Sur la question des réserves, notamment celles des régimes des professions libérales, Jean-Paul Delevoye avait évoqué la possibilité de les affecter au régime universel. Édouard Philippe a assuré que « les réserves resteront dans les caisses des professionnels concernés » et pourront notamment « accompagner la transition » de ces régimes vers le futur système. Il a cité le cas des auxiliaires médicaux, des avocats ou encore des médecins et s’est défendu de vouloir opérer un « siphonage ».
Quantité de petites mesures sont encore semées dans ce projet. Ainsi, aux 5 % de majoration par enfant dès le premier enfant, le gouvernement ajoute 2 % supplémentaire à partir du troisième enfant. Ainsi, en matière de pénibilité ouvrant le droit aux fonctionnaires de partir plus tôt en retraite, le gouvernement ajoute une possibilité de prise en compte du travail de nuit qui intéressera les hospitaliers.
Une réforme, oui, mais qui se perd dans la complexité
Les mesures les plus lourdes financièrement portent d’abord sur la transition. On était parti avec une réforme s’appliquant uniformément à la génération née en 1963. L’offre sur cette question s’est considérablement diversifiée et… complexifiée.
- La génération née en 2004 et qui aura 18 ans en 2022 entrera directement dans le nouveau système.
- Ce dernier s’appliquera à partir de la génération née en 1975 en 2037. Autrement dit, toutes les personnes nées avant 1975 peuvent rester dans l’ancien système.
- Ceux qui sont à moins de 17 ans de la retraite ne seront pas concernés.
- Dans les régimes spéciaux, jusqu’à l’entrée en vigueur des régimes spéciaux en 2037, les travailleurs nés avant 1980 pourront partir à 57 ans et ceux nés avant 1985 pourront partir à 52 ans.
Les dérogations sur l’âge de départ en retraite seront maintenues pour certaines catégories de fonctionnaires. Pompiers, policiers, militaires, gendarmes pourront ainsi conserver le bénéfice de leur dérogation.
Le niveau des pensions des enseignants sera « sanctuarisé » et « comparable aux niveaux des retraites ou des fonctions équivalentes dans la fonction publique ». Cette décision sera inscrite dans la loi.

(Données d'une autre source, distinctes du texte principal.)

(* Let $\alpha\in\{1/2,1\}$, $\beta\in(0,1]$, $\rho\in(0,1)$ and $\tilde\rho=\beta\rho$. The function $\Lambda\mapsto\mathbf M(\Lambda;\rho,\tilde\rho,\alpha)$ on $[0,\gamma_+]$, where $\gamma_+=\bigl(1+\sqrt{(\tilde\rho-\rho\tilde\rho)/(\rho-\rho\tilde\rho)}\bigr)^2$, is convex and attains its minimum at a unique point.
   Context: For $\gamma>0$, $\gamma_\pm=(1\pm\sqrt\gamma)^2$, $p_\gamma(t)=\frac{1}{2\pi\gamma t}\sqrt{(\gamma_+-t)(t-\gamma_-)}\mathbf 1_{[\gamma_-,\gamma_+]}(t)$ (Marčenko–Pastur density), $P_\gamma(x;k)=\int_x^{\gamma_+}t^kp_\gamma(t)dt$, and $\mathbf M(\Lambda;\rho,\tilde\rho,\alpha)=\rho+\tilde\rho-\rho\tilde\rho+(1-\tilde\rho)[\rho\Lambda^2+\alpha(1-\rho)(P_\gamma(\Lambda^2;1)-2\Lambda P_\gamma(\Lambda^2;\frac12)+\Lambda^2P_\gamma(\Lambda^2;0))]$ with $\gamma=(\tilde\rho-\rho\tilde\rho)/(\rho-\rho\tilde\rho)$. *)

From Stdlib Require Import Reals.
From Coquelicot Require Import Coquelicot.
Open Scope R_scope.

Definition gplus (g : R) : R := (1 + sqrt g) ^ 2.
Definition gminus (g : R) : R := (1 - sqrt g) ^ 2.

Definition mp_density (g t : R) : R :=
  if Rle_dec (gminus g) t then
    if Rle_dec t (gplus g) then
      / (2 * PI * g * t) * sqrt ((gplus g - t) * (t - gminus g))
    else 0
  else 0.

Definition Pg (g x k : R) : R :=
  RInt (fun t => Rpower t k * mp_density g t) x (gplus g).

Definition gam (rho rt : R) : R := (rt - rho * rt) / (rho - rho * rt).

Definition Mfun (L rho rt alpha : R) : R :=
  let g := gam rho rt in
  rho + rt - rho * rt
  + (1 - rt) * (rho * L ^ 2
     + alpha * (1 - rho) * (Pg g (L ^ 2) 1 - 2 * L * Pg g (L ^ 2) (1/2)
                            + L ^ 2 * Pg g (L ^ 2) 0)).

From Stdlib Require Import Reals Lra Psatz.
From Coquelicot Require Import Coquelicot.
Open Scope R_scope.

(* For [Λ >= 0] the bracket in [Mfun] is [∫_{Λ²}^{γ₊} (t - 2Λ√t + Λ²) p_γ(t) dt
   = ∫_0^{γ₊} (√t - Λ)₊² p_γ(t) dt], and [(√t - Λ)₊²] is convex in [Λ].  Hence [Mfun] is a
   convex function plus [(1 - ρ̃) ρ Λ²], i.e. strongly convex on [Λ >= 0].  Since [√t p_γ(t)]
   stays bounded on [[0, γ₊]], the integral is Lipschitz in [Λ], so [Mfun] is continuous and
   attains its minimum on [[0, γ₊]]; strong convexity makes the minimiser unique. *)

Lemma gminus_nonneg g : 0 <= gminus g.
Proof. unfold gminus; simpl; rewrite Rmult_1_r; apply Rle_0_sqr. Qed.

Lemma gminus_lt_gplus g : 0 < g -> gminus g < gplus g.
Proof. intros Hg; pose proof (sqrt_lt_R0 g Hg); unfold gminus, gplus; simpl; nra. Qed.

Lemma ex_RInt_continuous_pos (f : R -> R) a b : 0 < a -> 0 < b ->
  (forall z, 0 < z -> continuous f z) -> ex_RInt f a b.
Proof.
  intros Ha Hb Hf; apply (@ex_RInt_continuous R_CompleteNormedModule).
  intros z Hz; apply Hf; pose proof (Rmin_glb_lt a b 0 Ha Hb); lra.
Qed.

Lemma lipschitz_continuity_pt (f : R -> R) (K : R) :
  0 <= K -> (forall x y, Rabs (f x - f y) <= K * Rabs (x - y)) ->
  forall x0, continuity_pt f x0.
Proof.
  intros HK Hf x0 eps Heps. exists (eps / (K + 1)). split.
  { apply Rdiv_lt_0_compat; lra. }
  intros x [_ Hx]; simpl in *; unfold R_dist in *.
  pose proof (Hf x x0). pose proof (Rabs_pos (x - x0)).
  assert (Hx' : (K + 1) * Rabs (x - x0) < eps).
  { apply (Rmult_lt_compat_l (K + 1)) in Hx; [|lra].
    replace ((K + 1) * (eps / (K + 1))) with eps in Hx by (field; lra). exact Hx. }
  nra.
Qed.

Lemma minimizer_unique_of_strictly_midpoint_convex (f : R -> R) (a b : R) :
  (forall x y, a <= x <= b -> a <= y <= b -> x <> y -> f ((x + y) / 2) < (f x + f y) / 2) ->
  forall x z, a <= x <= b -> a <= z <= b ->
  (forall y, a <= y <= b -> f x <= f y) -> (forall y, a <= y <= b -> f z <= f y) -> z = x.
Proof.
  intros Hconv x z Hx Hz Hxmin Hzmin.
  destruct (Req_dec z x) as [|Hne]; [assumption|exfalso].
  pose proof (Hconv x z Hx Hz (fun E => Hne (eq_sym E))).
  pose proof (Hxmin z Hz). pose proof (Hzmin x Hx).
  pose proof (Hxmin ((x + z) / 2) ltac:(lra)). lra.
Qed.

Section MarchenkoPasturDensity.

Variable g : R.
Hypothesis Hg : 0 < g.

Lemma mp_density_eq t :
  mp_density g t = / (2 * PI * g * t) * sqrt ((gplus g - t) * (t - gminus g)).
Proof.
  pose proof (gminus_lt_gplus g Hg). unfold mp_density.
  destruct (Rle_dec (gminus g) t); [destruct (Rle_dec t (gplus g))|].
  - reflexivity.
  - rewrite sqrt_neg_0; [ring|nra].
  - rewrite sqrt_neg_0; [ring|nra].
Qed.

Lemma mp_density_outside t : t <= gminus g \/ gplus g <= t -> mp_density g t = 0.
Proof.
  intros Ht; pose proof (gminus_lt_gplus g Hg).
  rewrite mp_density_eq, sqrt_neg_0; [ring|destruct Ht; nra].
Qed.

Lemma mp_density_nonpos t : t <= 0 -> mp_density g t = 0.
Proof. intros; apply mp_density_outside; pose proof (gminus_nonneg g); lra. Qed.

Lemma mp_density_nonneg t : 0 <= mp_density g t.
Proof.
  destruct (Rle_dec t 0); [rewrite mp_density_nonpos; lra|].
  rewrite mp_density_eq. apply Rmult_le_pos; [|apply sqrt_pos].
  pose proof PI_RGT_0. left; apply Rinv_0_lt_compat, Rmult_lt_0_compat; [nra|lra].
Qed.

Lemma mp_density_continuous t : t <> 0 -> continuous (mp_density g) t.
Proof.
  intros Ht. pose proof PI_RGT_0.
  apply continuous_ext with
    (f := fun t => / (2 * PI * g * t) * sqrt ((gplus g - t) * (t - gminus g))).
  { intros; symmetry; apply mp_density_eq. }
  apply (continuous_mult (fun t => / (2 * PI * g * t))).
  - apply continuous_comp with (g := Rinv).
    + apply continuity_pt_filterlim; reg.
    + apply continuous_Rinv. apply Rmult_integral_contrapositive; split; [|exact Ht].
      apply Rgt_not_eq; nra.
  - apply continuous_sqrt_comp, continuity_pt_filterlim; reg.
Qed.
(* Let $V_1, V_2$ be jointly distributed binary random variables (values in $\{0,1\}$), and let $K = V_1 \oplus V_2$ (addition modulo $2$). Then the common-compression Slepian–Wolf rate for the pair $(V_1,V_2)$ satisfies $$R^{s.c.}_{SW} \le \max\big(H(K),\, H(V_1\mid K)\big).$$
   Context: Let $V_1,\dots,V_r$ be jointly distributed binary random variables with joint law $p(v_1,\dots,v_r)$, and for each $n$ let $(V_1[t],\dots,V_r[t])$, $t=1,\dots,n$, be i.i.d. copies; write $V_i^n$ for the column vector $(V_i[1],\dots,V_i[n])^t\in\mathbb{F}_2^n$. A rate $R\ge 0$ is achievable with a common compression matrix if for every $\epsilon>0$ and all sufficiently large $n$ there exist a single binary matrix $B$ of size $\lceil nR\rceil\times n$ and a decoding map $g$ such that $\Pr\big[g(BV_1^n,\dots,BV_r^n)\neq (V_1^n,\dots,V_r^n)\big]\le\epsilon$, where the products $BV_i^n$ are computed over $\mathbb{F}_2$. $R^{s.c.}_{SW}$ (Slepian–Wolf with the same compression matrices) denotes the infimum of all rates achievable with a common compression matrix. $H(\cdot)$ denotes Shannon entropy in bits. *)

From Stdlib Require Import Reals List ZArith Bool.
Import ListNotations.
Open Scope R_scope.

Fixpoint all_seqs (n : nat) : list (list bool) :=
  match n with
  | O => [nil]
  | S k => flat_map (fun s => [false :: s; true :: s]) (all_seqs k)
  end.

(* Product over F_2 of an m x n binary matrix B (entry B i t in row i,
   column t) with the column vector x in F_2^n; result in F_2^m. *)
Definition compress (m n : nat) (B : nat -> nat -> bool) (x : list bool)
  : list bool :=
  map (fun i => fold_right xorb false
                  (map (fun t => andb (B i t) (nth t x false)) (seq 0 n)))
      (seq 0 m).

Definition Rsum (l : list R) : R := fold_right Rplus 0 l.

La valeur du point sera « progressivement indexée sur les salaires et non plus sur les prix » (depuis Philippe Séguin en 1989, l’indexation était sur les prix). Le gouvernement répond là à une vieille revendication de Force Ouvrière. Cette « valeur du point ne baissera pas ». Mais est-ce compatible avec les modalités de fonctionnement d’un régime en points ?
Last but not least, tout en confirmant que l’âge légal de départ à la retraite reste fixé à 62 ans, le gouvernement montre qu’il n’a pas renoncé à sa notion d’âge pivot à 64 ans.
Au total, et bien que le calcul soit difficile à faire, on devine que ces reports dans l’application du nouveau système, l’indexation sur les salaires préférée à celle sur les prix, le maintien d’un certain nombre de dérogations qui ne sont là que pour calmer des mécontentements catégoriels rajoutent de l’inégalité là où on voulait la supprimer. Par ailleurs, si le gouvernement visait la simplification, il a raté son coup et sombre dans une complexité technocratique qui ne facilite pas l’adhésion à sa réforme.